### Extracted records
Start of Block

(* Let $\Gamma$ be a Taylor graph with vertex set $X$, let $x\in X$, and let $W$ be an irreducible $T(x)$-module. Then the endpoint of $W$ is either $0$ or $1$.
   Context: A Taylor graph is a distance-regular graph with intersection array $\{k,b,1;1,b,k\}$ where $b<k-1$; it has diameter $3$. Let $A$ be its adjacency matrix, $\partial$ its distance, $V=\mathbb{C}^X$, and for $0\le i\le 3$ let $E^*_i(x)$ be the diagonal matrix with $(E^*_i(x))_{yy}=1$ if $\partial(x,y)=i$ and $0$ otherwise. The Terwilliger algebra $T(x)$ is the subalgebra of $\mathrm{Mat}_X(\mathbb{C})$ generated by $A,E^*_0(x),\dots,E^*_3(x)$. A $T(x)$-module is a subspace $W\subseteq V$ with $BW\subseteq W$ for all $B\in T(x)$; it is irreducible if nonzero with no submodules other than $0,W$. The endpoint of an irreducible $T(x)$-module $W$ is $\min\{i: E^*_i(x)W\neq 0\}$. *)

From mathcomp Require Import all_boot all_order all_algebra all_field.
Set Implicit Arguments. Unset Strict Implicit. Unset Printing Implicit Defensive.
Import GRing.Theory Num.Theory.
Local Open Scope ring_scope.

Section Graph.
Variables (X : finType) (e : rel X).

Fixpoint ball (n : nat) (x : X) : {set X} :=
  match n with
  | 0 => [set x]
  | n'.+1 => ball n' x :|: [set z | [exists y in ball n' x, e y z]]
  end.

(* graph distance: least n with y in ball n x (for a connected graph, this is
   attained below #|X|). *)
Definition dist (x y : X) : nat := find (fun n => y \in ball n x) (iota 0 #|X|).

Definition bcount (x y : X) : nat :=
  #|[set z | e y z & dist x z == (dist x y).+1]|.
Definition ccount (x y : X) : nat :=
  #|[set z | e y z & dist x z == (dist x y).-1]|.

(* Distance-regular graph with intersection array {k, b, 1; 1, b, k}, b < k-1
   (a Taylor graph); the diameter is 3. *)
Definition taylor_graph (k b : nat) : Prop :=
  [/\ symmetric e, irreflexive e, (forall x y, connect e x y),
      (forall x y, dist x y <= 3)%N
    & [/\ (forall x y, (dist x y <= 2)%N -> bcount x y = nth 0%N [:: k; b; 1%N] (dist x y)),
           (forall x y, (1 <= dist x y)%N -> ccount x y = nth 0%N [:: 0%N; 1%N; b; k] (dist x y))
         & (b < k - 1)%N]].

Local Notation n := #|X|.

Definition adjmx : 'M[algC]_n :=
  \matrix_(i, j) (e (enum_val i) (enum_val j))%:R.

Definition Estar (x : X) (i : nat) : 'M[algC]_n :=
  \matrix_(a, b) ((a == b) && (dist x (enum_val a) == i))%:R.

(* T(x): the subalgebra of Mat_X(C) generated by A, E*_0(x), ..., E*_3(x):
   the matrices lying in every subalgebra containing these generators. *)
Definition subalgebra (S : pred 'M[algC]_n) : Prop :=
  [/\ 0 \in S, 1%:M \in S,
      (forall M N, M \in S -> N \in S -> M + N \in S),
      (forall (c : algC) M, M \in S -> c *: M \in S)
    & (forall M N, M \in S -> N \in S -> M *m N \in S)].

Definition in_Terwilliger (x : X) (B : 'M[algC]_n) : Prop :=
  forall S : pred 'M[algC]_n, subalgebra S ->
    adjmx \in S -> (forall i, (i <= 3)%N -> Estar x i \in S) -> B \in S.

(* Subspaces of V = C^X are represented (mxalgebra style) by the row space of a
   matrix W; the row vector w^T corresponds to the column vector w, so B W is
   the row space of W *m B^T. *)
Definition Tmodule (x : X) (W : 'M[algC]_n) : Prop :=
  forall B, in_Terwilliger x B -> (W *m B^T <= W)%MS.

Definition irr_Tmodule (x : X) (W : 'M[algC]_n) : Prop :=
  [/\ Tmodule x W, W != 0 &
      forall U : 'M[algC]_n, (U <= W)%MS -> Tmodule x U -> U == 0 \/ (U == W)%MS].

Definition is_endpoint (x : X) (W : 'M[algC]_n) (i : nat) : Prop :=
  W *m (Estar x i)^T != 0 /\ (forall j, (j < i)%N -> W *m (Estar x j)^T == 0).

End Graph.

From mathcomp Require Import all_boot all_order all_algebra all_field zify ring.
Set Implicit Arguments. Unset Strict Implicit. Unset Printing Implicit Defensive.
Import GRing.Theory Num.Theory.

(* Suppose E*_0 W = E*_1 W = 0, so that every vector of W, and its images under A and A^2,
   vanishes on the ball of radius 1 about x. Double counting edges between consecutive spheres
   gives |G_2(u)| = k and |G_3(u)| = 1 when b > 0, so every vertex u has a unique antipode u'
   at distance 3, and since b_2 = 1 every vertex at distance 2 from x is the antipode of a
   neighbour of x. For f = v E*_2 with v in W, evaluating f A^2 at x gives b * sum f = 0
   (as c_2 = b), and evaluating f A and f A^2 at a neighbour u of x with the help of
   A^2 = k I + (k - 1 - b) A + b (J - I - A - A_3) gives b f(u') = 0; hence v E*_2 = 0.
   Then for g = v E*_3 the relation (g A) E*_2 = 0 forces g to vanish at the unique vertex at
   distance 3 from x, so W = 0. If b = 0 the graph has diameter 1 and W = 0 at once. *)

Section Distance.
Variables (X : finType) (e : rel X).
Hypothesis e_sym : symmetric e.
Hypothesis e_conn : forall x y, connect e x y.

Definition sphere (u : X) (i : nat) : {set X} := [set z | dist e u z == i].

Lemma ball_mono m p x : m <= p -> ball e m x \subset ball e p x.
Proof.
move=> /subnK <-; elim: (p - m) => [|q IH] //.
by rewrite addSn; apply: subset_trans IH (subsetUl _ _).
Qed.

Lemma ball_adj m x y z : y \in ball e m x -> e y z -> z \in ball e m.+1 x.
Proof.
by move=> y_m eyz; rewrite /= !inE; apply/orP; right; apply/existsP; exists y; rewrite y_m.
Qed.

Lemma ball_adj_subset m y z : e y z -> ball e m z \subset ball e m.+1 y.
Proof.
move=> eyz; elim: m => [|m IH]; apply/subsetP => w.
  by rewrite inE => /eqP->; apply: ball_adj eyz; rewrite inE.
case/setUP=> [w_m | ]; first exact: subsetP (ball_mono _ (leqnSn _)) _ (subsetP IH _ w_m).
by rewrite inE => /existsP[v /andP[v_m evw]]; apply: ball_adj evw; apply: (subsetP IH).
Qed.

Lemma ball_sym m x y : (y \in ball e m x) = (x \in ball e m y).
Proof.
suff ball_symW j u v : v \in ball e j u -> u \in ball e j v by apply/idP/idP; apply: ball_symW.
elim: j u v => [|j IH] u v; first by rewrite !inE => /eqP->.
case/setUP=> [v_j | ]; first exact: subsetP (ball_mono _ (leqnSn _)) _ (IH _ _ v_j).
rewrite inE => /existsP[w /andP[w_j ewv]].
by apply: subsetP (ball_adj_subset j _) _ (IH _ _ w_j); rewrite e_sym.
Qed.

Lemma path_last_ball x p : path e x p -> last x p \in ball e (size p) x.
Proof.
elim: p x => [|z p IH] x /=; first by rewrite inE.
by case/andP=> exz /IH; apply/subsetP/ball_adj_subset.
Qed.

Lemma mem_ball_card x y : y \in ball e #|X|.-1 x.
Proof.
have /connectP[p + ->] := e_conn x y.
case/shortenP=> p' p'_path p'_uniq _.
apply: subsetP (ball_mono _ _) _ (path_last_ball p'_path).
have := max_card (mem (x :: p')); rewrite (card_uniqP p'_uniq) => lt_p'.
by rewrite -ltnS prednK // (leq_ltn_trans _ lt_p').
Qed.

Lemma dist_ball x y m : (dist e x y <= m) = (y \in ball e m x).
Proof.
have y_ball : has (fun i => y \in ball e i x) (iota 0 #|X|).
  apply/hasP; exists #|X|.-1; last exact: mem_ball_card.
  by rewrite mem_iota add0n prednK ?leqnn //; apply/card_gt0P; exists x.
have dist_lt : dist e x y < #|X| by rewrite /dist -[ltnRHS](size_iota 0) -has_find.
apply/idP/idP => [le_dm | y_m].
  by have := nth_find 0 y_ball; rewrite nth_iota // add0n; apply/subsetP/ball_mono.
rewrite leqNgt; apply/negP => lt_md.
by have := before_find 0 lt_md; rewrite nth_iota ?add0n ?y_m //; apply: ltn_trans dist_lt.
Qed.

Lemma dist_eq0 x y : (dist e x y == 0) = (y == x).
Proof. by rewrite -leqn0 dist_ball inE. Qed.

Lemma dist_xx x : dist e x x = 0.
Proof. by apply/eqP; rewrite dist_eq0. Qed.

Lemma dist_sym x y : dist e x y = dist e y x.
Proof.
by apply/eqP; rewrite eqn_leq !dist_ball ball_sym -dist_ball leqnn /= -ball_sym -dist_ball.
Qed.

Lemma dist_adj x y z : e y z -> dist e x z <= (dist e x y).+1.
Proof. by move=> eyz; rewrite dist_ball; apply: ball_adj eyz; rewrite -dist_ball. Qed.

Lemma dist_predS x y m : dist e x y = m.+1 -> exists2 z, e z y & dist e x z = m.
Proof.
move=> dxy; have : y \in ball e m.+1 x by rewrite -dist_ball dxy.
rewrite /= inE -dist_ball dxy ltnn inE => /existsP[z /andP[z_m ezy]].
exists z => //; apply/eqP; rewrite eqn_leq dist_ball z_m -ltnS -dxy.
exact: dist_adj.
Qed.

Lemma dist_eq1 : irreflexive e -> forall x y, (dist e x y == 1) = e x y.
Proof.
move=> e_irr x y; apply/eqP/idP => [/dist_predS[z ezy /eqP] | exy].
  by rewrite dist_eq0 => /eqP <-.
apply/eqP; rewrite eqn_leq lt0n dist_eq0 andbC -[1]/(0.+1) -(dist_xx x) dist_adj //=.
by rewrite andbT; apply: contraTneq exy => ->; rewrite e_irr.
Qed.

Lemma sphere_edge_count u i :
  \sum_(a in sphere u i) bcount e u a = \sum_(c in sphere u i.+1) ccount e u c.
Proof.
have card_nbrs_sphere a j : #|[set z | e a z & dist e u z == j]| = \sum_(c in sphere u j) e a c.
  rewrite -sum1_card big_mkcond [RHS]big_mkcond; apply: eq_bigr => z _.
  by rewrite !inE; case: (e a z); case: (_ == _).
rewrite (eq_bigr (fun a => \sum_(c in sphere u i.+1) e a c)) => [|a]; last first.
  by rewrite inE => /eqP <-; apply: card_nbrs_sphere.
rewrite exchange_big; apply: eq_bigr => c; rewrite inE => /eqP dc.
by rewrite /ccount dc card_nbrs_sphere; apply: eq_bigr => a _; rewrite e_sym.
Qed.

End Distance.

Lemma card_set_andE (T : finType) (P Q : pred T) : #|[set z | P z & Q z]| = \sum_(z | P z) Q z.
Proof.
rewrite -sum1dep_card big_mkcond [RHS]big_mkcond; apply: eq_bigr => z _.
by case: (P z); case: (Q z).
Qed.

Definition common_nbrs (X : finType) (e : rel X) (y u : X) : nat := #|[set z | e y z & e z u]|.

Definition adj_fun (X : finType) (e : rel X) (f : X -> algC) (u : X) : algC :=
  (\sum_y f y * (e y u)%:R)%R.

Lemma adj_fun2 (X : finType) (e : rel X) (f : X -> algC) (u : X) :
  adj_fun e (adj_fun e f) u = (\sum_y f y * (common_nbrs e y u)%:R)%R.
Proof.
rewrite /adj_fun; under eq_bigr do rewrite mulr_suml.
rewrite exchange_big /=; apply: eq_bigr => y _.
rewrite /common_nbrs card_set_andE natr_sum mulr_sumr [RHS]big_mkcond /=.
by apply: eq_bigr => z _; case: (e y z); case: (e z u); rewrite ?(mulr1, mulr0, mul0r).
Qed.

Section RowFunctions.
Variables (X : finType) (e : rel X).
Local Notation n := #|X|.
Local Open Scope ring_scope.

Definition rV_fun (v : 'rV[algC]_n) (y : X) : algC := v 0 (enum_rank y).

Lemma rV_fun_eq0 v : (forall y, rV_fun v y = 0) -> v = 0.
Proof. by move=> v0; apply/rowP => j; rewrite -(enum_valK j) mxE; apply: v0. Qed.

Lemma rV_fun_adj v u : rV_fun (v *m adjmx e) u = adj_fun e (rV_fun v) u.
Proof.
rewrite /rV_fun /adj_fun mxE (reindex _ (onW_bij _ (enum_val_bij X))) /=.
by apply: eq_bigr => i _; rewrite mxE enum_valK enum_rankK.
Qed.

Lemma rV_fun_adj2 v u :
  rV_fun (v *m adjmx e *m adjmx e) u = adj_fun e (adj_fun e (rV_fun v)) u.
Proof. by rewrite rV_fun_adj; apply: eq_bigr => y _; rewrite rV_fun_adj. Qed.

Lemma rV_fun_Estar v x i y : rV_fun (v *m Estar e x i) y = rV_fun v y * (dist e x y == i)%:R.
Proof.
rewrite /rV_fun mxE (bigD1 (enum_rank y)) //= big1 ?addr0 => [|j ne_jy].
  by rewrite mxE eqxx enum_rankK.
by rewrite mxE (negbTE ne_jy) mulr0.
Qed.

Lemma rV_fun_Estar_dist v x y : rV_fun (v *m Estar e x (dist e x y)) y = rV_fun v y.
Proof. by rewrite rV_fun_Estar eqxx mulr1. Qed.

Lemma adjmx_tr : symmetric e -> (adjmx e)^T = adjmx e.
Proof. by move=> e_sym; apply/matrixP => i j; rewrite !mxE e_sym. Qed.

Lemma Estar_tr x i : (Estar e x i)^T = Estar e x i.
Proof. by apply/matrixP => a c; rewrite !mxE eq_sym; case: eqVneq => // ->. Qed.

Section Module.
Variables (x : X) (W : 'M[algC]_n).
Hypothesis W_T : Tmodule e x W.

Lemma Tmodule_mulmx (v : 'rV_n) B : in_Terwilliger e x B -> (v <= W)%MS -> (v *m B^T <= W)%MS.
Proof. by move=> TB vW; apply: submx_trans (submxMr B^T vW) (W_T TB). Qed.

Lemma Tmodule_adj (v : 'rV_n) : symmetric e -> (v <= W)%MS -> (v *m adjmx e <= W)%MS.
Proof. by move=> e_sym vW; rewrite -(adjmx_tr e_sym); apply: Tmodule_mulmx. Qed.

Lemma Tmodule_Estar (v : 'rV_n) i : (i <= 3)%N -> (v <= W)%MS -> (v *m Estar e x i <= W)%MS.
Proof. by move=> le_i3 vW; rewrite -Estar_tr; apply: Tmodule_mulmx => // S _ _ SE; apply: SE. Qed.

End Module.

Lemma submx_Estar_eq0 x i (W : 'M_n) (v : 'rV_n) :
  W *m (Estar e x i)^T = 0 -> (v <= W)%MS -> v *m Estar e x i = 0.
Proof. by move=> WE0 /submxP[D ->]; rewrite -mulmxA -Estar_tr WE0 mulmx0. Qed.

End RowFunctions.

Section Taylor.
Variables (X : finType) (e : rel X) (k b : nat).
Hypothesis tg : taylor_graph e k b.
(* Let $S$ be a memory system satisfying the Causality and Data Independence assumptions. For all $n,m\ge1$: every trace of $S(n,m)$ is sequentially consistent if and only if there is a witness $\Omega$ for $S(n,m)$ such that the graph $G(\Omega)(\tau)$ is acyclic for every unambiguous trace $\tau$ of $S(n,m)$.
   Context: Notation: $\mathbb{N}_n=\{1,\dots,n\}$, $\mathbb{W}_n=\{0,\dots,n\}$, $\mathbb{W}=\{0,1,2,\dots\}$. Memory events $E(n,m,v)=\{R,W\}\times\mathbb{N}_n\times\mathbb{N}_m\times\mathbb{W}_v$; for $e=\langle a,b,c,d\rangle$, $op(e)=a$, $proc(e)=b$, $loc(e)=c$, $data(e)=d$; $0$ models the initial value of every location. A memory system is a family $S=(S(n,m,v))_{n,m,v\ge1}$, $S(n,m,v)$ a regular set of finite runs over an alphabet $E^a(n,m,v)\supseteq E(n,m,v)$ (other letters are internal events); $S(n,m)=\bigcup_{v\ge1}S(n,m,v)$. The trace of a run is its subsequence of memory events; traces of $S(n,m,v)$ (resp. $S(n,m)$) are traces of its runs. For a sequence $\tau$ of memory events with positions $1,\dots,|\tau|$: $P(\tau,i)=\{k: proc(\tau(k))=i\}$, $L(\tau,j)=\{k: loc(\tau(k))=j\}$, $L^w(\tau,j)=\{k\in L(\tau,j): op(\tau(k))=W\}$, $L^r(\tau,j)=\{k\in L(\tau,j): op(\tau(k))=R\}$. A trace $\tau$ is unambiguous if for every location $j$ and $x\in L^w(\tau,j)$, $data(\tau(x))\ne0$ and $data(\tau(x))\ne data(\tau(y))$ for all $y\in L^w(\tau,j)\setminus\{x\}$. Causality assumption: for all $n,m,v\ge1$, every trace $\tau$ of $S(n,m,v)$, every location $j$ and every $x\in L^r(\tau,j)$, either $data(\tau(x))=0$ or there is $y\in L^w(\tau,j)$ with $data(\tau(x))=data(\tau(y))$. Data Independence assumption: a renaming function is $\lambda:\mathbb{N}_m\times\mathbb{W}\to\mathbb{W}$ with $\lambda(j,0)=0$ for all $j$, inducing $\lambda^d(\langle a,b,c,d\rangle)=\langle a,b,c,\lambda(c,d)\rangle$ letterwise on sequences; for all $n,m,v\ge1$ and $\tau\in E(n,m,v)^*$, $\tau$ is a trace of $S(n,m,v)$ iff there are an unambiguous trace $\tau'$ of $S(n,m)$ and a renaming function $\lambda:\mathbb{N}_m\times\mathbb{W}\to\mathbb{W}_v$ with $\tau=\lambda^d(\tau')$. Sequential consistency: $\tau$ is serial if for every position $u$, with $upto(\tau,u)=\{k\le u: op(\tau(k))=W,\ loc(\tau(k))=loc(\tau(u))\}$, $data(\tau(u))=0$ when $upto(\tau,u)=\emptyset$ and $data(\tau(u))=data(\tau(\max upto(\tau,u)))$ otherwise. $M(\tau,i)=\{\langle u,v\rangle: u,v\in P(\tau,i), u<v\}$. $\tau$ is sequentially consistent if some permutation $f$ of $\mathbb{N}_{|\tau|}$ satisfies (C1) $\langle u,v\rangle\in M(\tau,i)$ for some $i$ implies $f(u)<f(v)$, and (C2) $\tau_{f^{-1}(1)}\cdots\tau_{f^{-1}(|\tau|)}$ is serial. A witness $\Omega$ for $S(n,m)$ assigns to every trace $\tau$ of $S(n,m)$ and location $j$ a strict total order $\Omega(\tau,j)$ on $L^w(\tau,j)$. For unambiguous $\tau$, $\Omega^e(\tau,j)\subseteq L(\tau,j)^2$: $\langle x,y\rangle\in\Omega^e(\tau,j)$ iff (1) $data(\tau(x))=data(\tau(y))$, $op(\tau(x))=W$, $op(\tau(y))=R$; or (2) $data(\tau(x))=0$ and $data(\tau(y))\ne0$; or (3) there are $a,b\in L^w(\tau,j)$ with $\langle a,b\rangle\in\Omega(\tau,j)$, $data(\tau(a))=data(\tau(x))$, $data(\tau(b))=data(\tau(y))$. The constraint graph $G(\Omega)(\tau)$ is the directed graph with vertex set $\{1,\dots,|\tau|\}$ and edge set $\bigcup_{1\le i\le n}M(\tau,i)\cup\bigcup_{1\le j\le m}\Omega^e(\tau,j)$. *)

From mathcomp Require Import all_boot all_fingroup.
From Stdlib Require List.
Set Implicit Arguments. Unset Strict Implicit. Unset Printing Implicit Defensive.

End of Block

### What you need to do
Gather and copy every line of the data in which the string "first" is found.

### Answer for the task
case/setUP=> [w_m | ]; first exact: subsetP (ball_mono _ (leqnSn _)) _ (subsetP IH _ w_m).
elim: j u v => [|j IH] u v; first by rewrite !inE => /eqP->.
case/setUP=> [v_j | ]; first exact: subsetP (ball_mono _ (leqnSn _)) _ (IH _ _ v_j).
elim: p x => [|z p IH] x /=; first by rewrite inE.
rewrite (eq_bigr (fun a => \sum_(c in sphere u i.+1) e a c)) => [|a]; last first.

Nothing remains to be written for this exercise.